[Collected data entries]
%%

(* Let $v>3$ and let $(X,\mathcal{B})$ be a partial STS$(v)$ with $X=\{1,\dots,v\}$. Then there is a sequencing $\pi=[x_1\,x_2\,\cdots\,x_v]$ of $X$ that is $3$-good for $(X,\mathcal{B})$, i.e. $\{x_i,x_{i+1},x_{i+2}\}\notin\mathcal{B}$ for all $1\le i\le v-2$.
   Context: A partial Steiner triple system of order $v$, PSTS$(v)$, is a pair $(X,\mathcal{B})$ where $X$ is a set of $v$ points and $\mathcal{B}$ is a set of 3-subsets of $X$ (blocks) such that every pair of distinct points lies in at most one block. A sequencing of $X$ is an ordering $[x_1\,x_2\,\cdots\,x_v]$ of all points of $X$, each appearing exactly once. It is $3$-good if no three consecutive points form a block. *)

From mathcomp Require Import all_boot.
Set Implicit Arguments. Unset Strict Implicit. Unset Printing Implicit Defensive.

(* A partial Steiner triple system on the point set 'I_v (= {1..v} shifted to {0..v-1}):
   every block is a 3-subset, and every pair of distinct points lies in at most one block. *)
Definition is_PSTS (v : nat) (B : {set {set 'I_v}}) : Prop :=
  (forall b, b \in B -> #|b| = 3) /\
  (forall x y : 'I_v, x != y ->
     forall b1 b2, b1 \in B -> b2 \in B ->
       x \in b1 -> y \in b1 -> x \in b2 -> y \in b2 -> b1 = b2).

Definition is_sequencing (v : nat) (s : seq 'I_v) : Prop :=
  uniq s /\ size s = v.

Definition three_good (v : nat) (B : {set {set 'I_v}}) (s : seq 'I_v) : Prop :=
  forall (x0 : 'I_v) (i : nat), i + 2 < size s ->
    [set nth x0 s i; nth x0 s i.+1; nth x0 s i.+2] \notin B.

From mathcomp Require Import all_boot.
Set Implicit Arguments. Unset Strict Implicit. Unset Printing Implicit Defensive.

(* Build the sequencing greedily from the left.  Two blocks share at most one
   point, so after [a, b] at most one point [x] makes [{a, b, x}] a block, and
   the choice of the next point is free as long as two points remain.  The
   danger is the end: once at most three points are left, the set of the last
   three points of every completion is fixed, so it must not be a block.
   Maintaining this costs at most one more forbidden point, and only when four
   points are left: two distinct 3-subsets of a 4-set share two points, so at
   most one of them is a block. *)

Lemma exists_notin_card (T : finType) (A S : {set T}) :
  #|A| < #|S| -> exists2 x, x \in S & x \notin A.
Proof.
move=> lt_AS; apply/subsetPn/negP=> /subset_leq_card.
by rewrite leqNgt lt_AS.
Qed.

Section GoodSequencing.

Variables (v : nat) (B : {set {set 'I_v}}).
Hypothesis HB : is_PSTS B.

Lemma PSTS_block_eq (b1 b2 : {set 'I_v}) :
  b1 \in B -> b2 \in B -> 1 < #|b1 :&: b2| -> b1 = b2.
Proof.
move=> b1B b2B /card_gt1P[x [y [/setIP[xb1 xb2] /setIP[yb1 yb2] neq_xy]]].
exact: HB.2 x y neq_xy b1 b2 b1B b2B xb1 yb1 xb2 yb2.
Qed.

Lemma PSTS_block_uniq (a b c : 'I_v) : [set a; b; c] \in B -> uniq [:: a; b; c].
Proof.
move=> /HB.1 card3; apply/card_uniqP.
rewrite -cardsE (_ : [set:: _] = [set a; b; c]) ?card3 //.
by apply/setP=> w; rewrite !inE orbA.
Qed.

Lemma third_point_unique (a b x y : 'I_v) :
  [set a; b; x] \in B -> [set a; b; y] \in B -> x = y.
Proof.
move=> abxB abyB; have := PSTS_block_uniq abxB.
rewrite /= !inE negb_or -andbA => /and4P[neq_ab neq_ax neq_bx _].
have: x \in [set a; b; y].
  rewrite -(PSTS_block_eq abxB abyB) ?inE ?eqxx ?orbT //.
  by apply/card_gt1P; exists a, b; rewrite !inE !eqxx ?orbT.
by rewrite !inE eq_sym (negbTE neq_ax) eq_sym (negbTE neq_bx) => /eqP.
Qed.

Lemma card_third_points_le1 (a b : 'I_v) : #|[set x | [set a; b; x] \in B]| <= 1.
Proof.
apply/card_le1_eqP=> x y; rewrite !inE => abxB abyB.
exact: third_point_unique abyB abxB.
Qed.

Lemma card_block_complements_le1 (S : {set 'I_v}) :
  #|S| = 4 -> #|[set x in S | S :\ x \in B]| <= 1.
Proof.
move=> card4; apply/card_le1_eqP=> x y.
rewrite !inE => /andP[xS SxB] /andP[yS SyB].
apply/eqP; apply: contraTT (yS) => neq_yx.
have ySx : y \in S :\ x by rewrite !inE neq_yx.
have card_Sxy : #|S :\ x :\ y| = 2.
  by move: card4; rewrite (cardsD1 x S) xS (cardsD1 y (S :\ x)) ySx => -[].
have Sxy : (S :\ x) :&: (S :\ y) = S :\ x :\ y.
  apply/setP=> w; rewrite !inE.
  by case: (w == x); case: (w == y); case: (w \in S).
have := ySx; rewrite (PSTS_block_eq SxB SyB) ?Sxy ?card_Sxy //.
by rewrite !inE eqxx.
Qed.

(* For [#|S| <= 3], the three sets below are the set of the last three points
   of every sequence [a, b] followed by an ordering of [S]. *)
Definition tail_ok (a b : 'I_v) (S : {set 'I_v}) : Prop :=
  [/\ #|S| = 1 -> a |: (b |: S) \notin B,
      #|S| = 2 -> b |: S \notin B &
      #|S| = 3 -> S \notin B].

Lemma tail_ok_setD1 (a b x : 'I_v) (S : {set 'I_v}) :
  x \in S -> #|S| != 4 -> tail_ok a b S -> tail_ok b x (S :\ x).
Proof.
move=> xS neq_S4 [_ ok2 ok3]; have := cardsD1 x S; rewrite xS add1n => cardS.
split; rewrite ?setD1K //; move=> cardSx; rewrite cardSx in cardS.
- exact: ok2.
- exact: ok3.
- by rewrite cardS in neq_S4.
Qed.

Lemma tail_ok_extend (a b : 'I_v) (S : {set 'I_v}) :
  0 < #|S| -> tail_ok a b S ->
  exists2 x, x \in S & [set a; b; x] \notin B /\ tail_ok b x (S :\ x).
Proof.
move=> S_gt0 ok; have [ok1 _ _] := ok.
have [/eqP/cards1P[x defS] | neq_S1] := eqVneq #|S| 1.
  exists x; first by rewrite defS set11.
  split; last by apply: tail_ok_setD1 ok; rewrite defS ?cards1 ?set11.
  by move: ok1; rewrite defS cards1 setUA; apply.
set third := [set x | [set a; b; x] \in B].
have [card4 | neq_S4] := eqVneq #|S| 4.
  set bad := third :|: [set x in S | S :\ x \in B].
  have [|x xS] := exists_notin_card (A := bad) (S := S).
    apply: leq_ltn_trans (leq_card_setU _ _).1 _.
    have le_compl := card_block_complements_le1 card4.
    have := leq_add (card_third_points_le1 a b) le_compl.
    by move/leq_ltn_trans; apply; rewrite card4.
  rewrite !inE xS negb_or /= => /andP[abxB SxB].
  have cardSx : #|S :\ x| = 3 by move: card4; rewrite (cardsD1 x S) xS => -[].
  by exists x => //; split=> //; split; rewrite cardSx.
have [|x xS] := exists_notin_card (A := third) (S := S).
  apply: leq_ltn_trans (card_third_points_le1 a b) _.
  by rewrite ltn_neqAle eq_sym neq_S1 S_gt0.
by rewrite inE => abxB; exists x => //; split=> //; apply: tail_ok_setD1 ok.
Qed.

Lemma three_good_cons (a b c : 'I_v) (t : seq 'I_v) :
  [set a; b; c] \notin B -> three_good B [:: b, c & t] ->
  three_good B [:: a, b, c & t].
Proof. by move=> abcB good x0 [|i] lt_i //=; apply: good. Qed.

Lemma three_good_behead (x : 'I_v) (s : seq 'I_v) :
  three_good B (x :: s) -> three_good B s.
Proof. by move=> good x0 i lt_i; apply: (good x0 i.+1). Qed.

Lemma tail_ok_completion (a b : 'I_v) (S : {set 'I_v}) : tail_ok a b S ->
  exists t, [/\ uniq t, [set:: t] = S & three_good B [:: a, b & t]].
Proof.
move: {2}#|S| (erefl #|S|) => n; elim: n a b S => [|n IH] a b S cardS ok.
  exists [::]; split=> //.
    by rewrite (cards0_eq cardS); apply/setP=> w; rewrite !inE.
  by move=> x0 i; rewrite ltnNge leq_addl.
have [|x xS [abxB okx]] := tail_ok_extend (S := S) _ ok; first by rewrite cardS.
have [|t [uniq_t tS good]] := IH b x (S :\ x) _ okx.
  by move: cardS; rewrite (cardsD1 x S) xS => -[].
exists (x :: t); split; last exact: three_good_cons.
- by rewrite /= uniq_t andbT; move: (setD11 x S); rewrite -tS inE => ->.
- by rewrite set_cons tS setD1K.
Qed.

End GoodSequencing.

Theorem theorem2 (v : nat) (B : {set {set 'I_v}}) :
  3 < v -> is_PSTS B ->
  exists s : seq 'I_v, is_sequencing s /\ three_good B s.
Proof.
move=> v_gt3 HB; pose a := Ordinal (ltnW (ltnW (ltnW v_gt3))).
(* [{a, a, x}] is never a block, so the dummy prefix [a, a] constrains nothing. *)
have ok : tail_ok B a a [set: 'I_v].
  by split; rewrite cardsT card_ord => eq_v; exfalso; have := v_gt3; rewrite eq_v.
have [t [uniq_t tT good]] := tail_ok_completion HB ok.
exists t; split; last exact: three_good_behead (three_good_behead good).
split=> //; rewrite -(card_uniqP uniq_t) -cardsE tT.
by rewrite cardsT card_ord.
Qed.
Lemma fin_sum_add_fun_le l : NoDup l -> exists q1 q2 p,
  fs (map m1 l) = Some q1 /\ fs (map m2 l) = Some q2 /\ add q1 q2 = Some p /\
  fs (map (add_fun m1 m2) l) = Some p /\ le p U.
Proof.
  intros Hn. destruct (is_sum_fin_sum_le H1 Hn) as (q1 & E1 & L1).
  destruct (is_sum_fin_sum_le H2 Hn) as (q2 & E2 & L2).
  destruct (add_defined_le L1 L2 HU) as (p & Hp & Lp).
  exists q1, q2, p. repeat split; auto. exact (fin_sum_add_fun E1 E2 Hp).
Qed.

Lemma is_sum_add_fun : is_sum A (supp A (add_fun m1 m2)) (add_fun m1 m2) U.
Proof.
  split; [|split].
  - intros l Hn _. destruct (fin_sum_add_fun_le Hn) as (_ & _ & p & _ & _ & _ & -> & _).
    discriminate.
  - intros d (l & Hn & _ & E). destruct (fin_sum_add_fun_le Hn) as (_ & _ & p & _ & _ & _ & E' & L).
    rewrite E in E'. injection E' as ->. exact L.
  - intros w Hw.
    apply (add_lub_least (partial_sum_directed H1) (proj2 H1)
                         (partial_sum_directed H2) (proj2 H2) HU).
    intros d1 d2 v (l1 & Hn1 & _ & E1) (l2 & Hn2 & _ & E2) Ev.
    destruct (NoDup_union Hn1 Hn2) as (l & Hn & Hi1 & Hi2 & _).
    destruct (fin_sum_add_fun_le Hn) as (q1 & q2 & p & F1 & F2 & Fp & Fr & _).
    destruct (fin_sum_incl_le Hn1 Hi1 Hn F1) as (v1 & G1 & L1).
    destruct (fin_sum_incl_le Hn2 Hi2 Hn F2) as (v2 & G2 & L2).
    rewrite E1 in G1; injection G1 as <-. rewrite E2 in G2; injection G2 as <-.
    destruct (add_defined_le L1 L2 Fp) as (s & Hs & Ls).
    rewrite Ev in Hs; injection Hs as <-.
    apply (le_trans Ls). apply Hw. exact (partial_sum_filter_supp Hn Fr).
Qed.

End AddFun.

Lemma add_mul_defined c1 c2 : add c1 c2 <> None ->
  forall x y, add (mul c1 x) (mul c2 y) <> None.
Proof.
  intros Hc x y. destruct (add c1 c2) as [c|] eqn:Ec; [|congruence].
  destruct (has_top A) as [T HT].
  assert (HcT : add (mul c1 T) (mul c2 T) = Some (mul c T)) by (apply mul_add_r; auto).
  destruct (add_defined_le (mul_le_l c1 (HT x)) (mul_le_l c2 (HT y)) HcT) as (s & -> & _).
  discriminate.
Qed.

End PartialSemiring.

Section Semantics.
Variable A : PSR.
Variable Sigma : Type.

Lemma is_weighting_mul_l (m : Sigma -> A) c :
  is_weighting A m -> is_weighting A (fun t => mul A c (m t)).
Proof.
  intros [Cm [U HU]]. split.
  - apply countable_supp_mul_l; auto.
  - exists (mul A c U). apply is_sum_mul_l; auto.
Qed.

Lemma wplus_defined (m1 m2 : Sigma -> A) U1 U2 :
  countable (supp A m1) -> countable (supp A m2) ->
  is_sum A (supp A m1) m1 U1 -> is_sum A (supp A m2) m2 U2 -> add A U1 U2 <> None ->
  wplus A m1 m2 <> None.
Proof.
  intros C1 C2 H1 H2 HU. destruct (add A U1 U2) as [U|] eqn:EU; [|congruence].
  unfold wplus. rewrite guard_Some; [discriminate|]. split; [|split].
  - intros t. destruct (add_defined_le (le_is_sum t H1) (le_is_sum t H2) EU) as (s & -> & _).
    discriminate.
  - exact (countable_supp_add_fun C1 C2).
  - exists U. exact (is_sum_add_fun H1 H2 EU).
Qed.

Lemma supp_mul_eta (c : A) (s x : Sigma) : supp A (fun t => mul A c (eta A s t)) x -> x = s.
Proof.
  intros Hx. apply NNPP. intros Hne. apply Hx.
  unfold eta. destruct excluded_middle_informative; [congruence|]. apply mul_zero_r.
Qed.

Lemma mul_eta_self (c : A) (s : Sigma) : mul A c (eta A s s) = c.
Proof. unfold eta. destruct excluded_middle_informative; [|congruence]. apply mul_one_r. Qed.

Lemma sem_assume_eq (e : expr A Sigma) s :
  sem_assume e s = Some (fun t => mul A (eval e s) (eta A s t)).
Proof.
  apply guard_Some. split.
  - exists (fun _ => 0). intros x y Hx Hy _.
    rewrite (supp_mul_eta Hx), (supp_mul_eta Hy). reflexivity.
  - eexists. apply is_sum_single; [apply supp_mul_eta | intros Hs; exact (not_supp_zero Hs)].
Qed.

Lemma bind_concentrated (f : den A Sigma) (m : Sigma -> A) s a :
  f s = Some a -> is_weighting A a -> (forall x, supp A m x -> x = s) ->
  bind f m = Some (fun t => mul A (m s) (a t)).
Proof.
  intros Ea Wa Hm.
  assert (HS : forall t, is_sum A (supp A m)
    (fun x => mul A (m x) (match f x with Some m' => m' t | None => zero A end))
    (mul A (m s) (a t))).
  { intros t.
    assert (Eat : a t = match f s with Some m' => m' t | None => zero A end)
      by (rewrite Ea; reflexivity).
    rewrite Eat.
    apply (is_sum_single
      (g := fun x => mul A (m x) (match f x with Some m' => m' t | None => zero A end))); auto.
    intros Hs. rewrite (not_supp_zero Hs). apply mul_zero_l. }
  unfold bind; cbv zeta.
  match goal with |- guard _ ?r = _ =>
    replace r with (fun t => mul A (m s) (a t)) end.
  2:{ apply functional_extensionality; intros t. rewrite (sum_val_is_sum (HS t)). reflexivity. }
  apply guard_Some. split; [|split].
  - intros x Hx. rewrite (Hm x Hx), Ea. discriminate.
  - intros t. eexists. apply HS.
  - apply is_weighting_mul_l; auto.
Qed.

Lemma sem_seq_assume (e : expr A Sigma) (C : den A Sigma) s a :
  C s = Some a -> is_weighting A a ->
  sem_seq (sem_assume e) C s = Some (fun t => mul A (eval e s) (a t)).
Proof.
  intros Ea Wa. unfold sem_seq. rewrite sem_assume_eq.
  rewrite (bind_concentrated Ea Wa (@supp_mul_eta _ s)), mul_eta_self. reflexivity.
Qed.

End Semantics.

Theorem lemmaA8 (A : PSR) (Sigma : Type) (e1 e2 : expr A Sigma)
  (C1 C2 : den A Sigma) :
  wf_den C1 -> wf_den C2 ->
  compatible e1 e2 ->
  total C1 -> total C2 ->
  total (sem_plus (sem_seq (sem_assume e1) C1) (sem_seq (sem_assume e2) C2)).
Proof.
  intros W1 W2 Hc T1 T2 s.
  destruct (C1 s) as [a|] eqn:Ea; [|exfalso; exact (T1 s Ea)].
  destruct (C2 s) as [b|] eqn:Eb; [|exfalso; exact (T2 s Eb)].
  pose proof (W1 s a Ea) as Wa. pose proof (W2 s b Eb) as Wb.
  unfold sem_plus. rewrite (sem_seq_assume e1 Ea Wa), (sem_seq_assume e2 Eb Wb).
  destruct Wa as [Ca [Ua HUa]], Wb as [Cb [Ub HUb]].
  apply wplus_defined with (U1 := mul A (eval e1 s) Ua) (U2 := mul A (eval e2 s) Ub).
  - apply countable_supp_mul_l; auto.
  - apply countable_supp_mul_l; auto.
  - apply is_sum_mul_l; auto.
  - apply is_sum_mul_l; auto.
  - apply add_mul_defined. exact (Hc s).
Qed.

%%

*Problem:* The answer should consist of the lines from the one with "sem_seq (sem_assume e)" through the last line of the entries, duplicated exactly and nothing more.

*Exercise answer:*
  sem_seq (sem_assume e) C s = Some (fun t => mul A (eval e s) (a t)).
Proof.
  intros Ea Wa. unfold sem_seq. rewrite sem_assume_eq.
  rewrite (bind_concentrated Ea Wa (@supp_mul_eta _ s)), mul_eta_self. reflexivity.
Qed.

End Semantics.

Theorem lemmaA8 (A : PSR) (Sigma : Type) (e1 e2 : expr A Sigma)
  (C1 C2 : den A Sigma) :
  wf_den C1 -> wf_den C2 ->
  compatible e1 e2 ->
  total C1 -> total C2 ->
  total (sem_plus (sem_seq (sem_assume e1) C1) (sem_seq (sem_assume e2) C2)).
Proof.
  intros W1 W2 Hc T1 T2 s.
  destruct (C1 s) as [a|] eqn:Ea; [|exfalso; exact (T1 s Ea)].
  destruct (C2 s) as [b|] eqn:Eb; [|exfalso; exact (T2 s Eb)].
  pose proof (W1 s a Ea) as Wa. pose proof (W2 s b Eb) as Wb.
  unfold sem_plus. rewrite (sem_seq_assume e1 Ea Wa), (sem_seq_assume e2 Eb Wb).
  destruct Wa as [Ca [Ua HUa]], Wb as [Cb [Ub HUb]].
  apply wplus_defined with (U1 := mul A (eval e1 s) Ua) (U2 := mul A (eval e2 s) Ub).
  - apply countable_supp_mul_l; auto.
  - apply countable_supp_mul_l; auto.
  - apply is_sum_mul_l; auto.
  - apply is_sum_mul_l; auto.
  - apply add_mul_defined. exact (Hc s).
Qed.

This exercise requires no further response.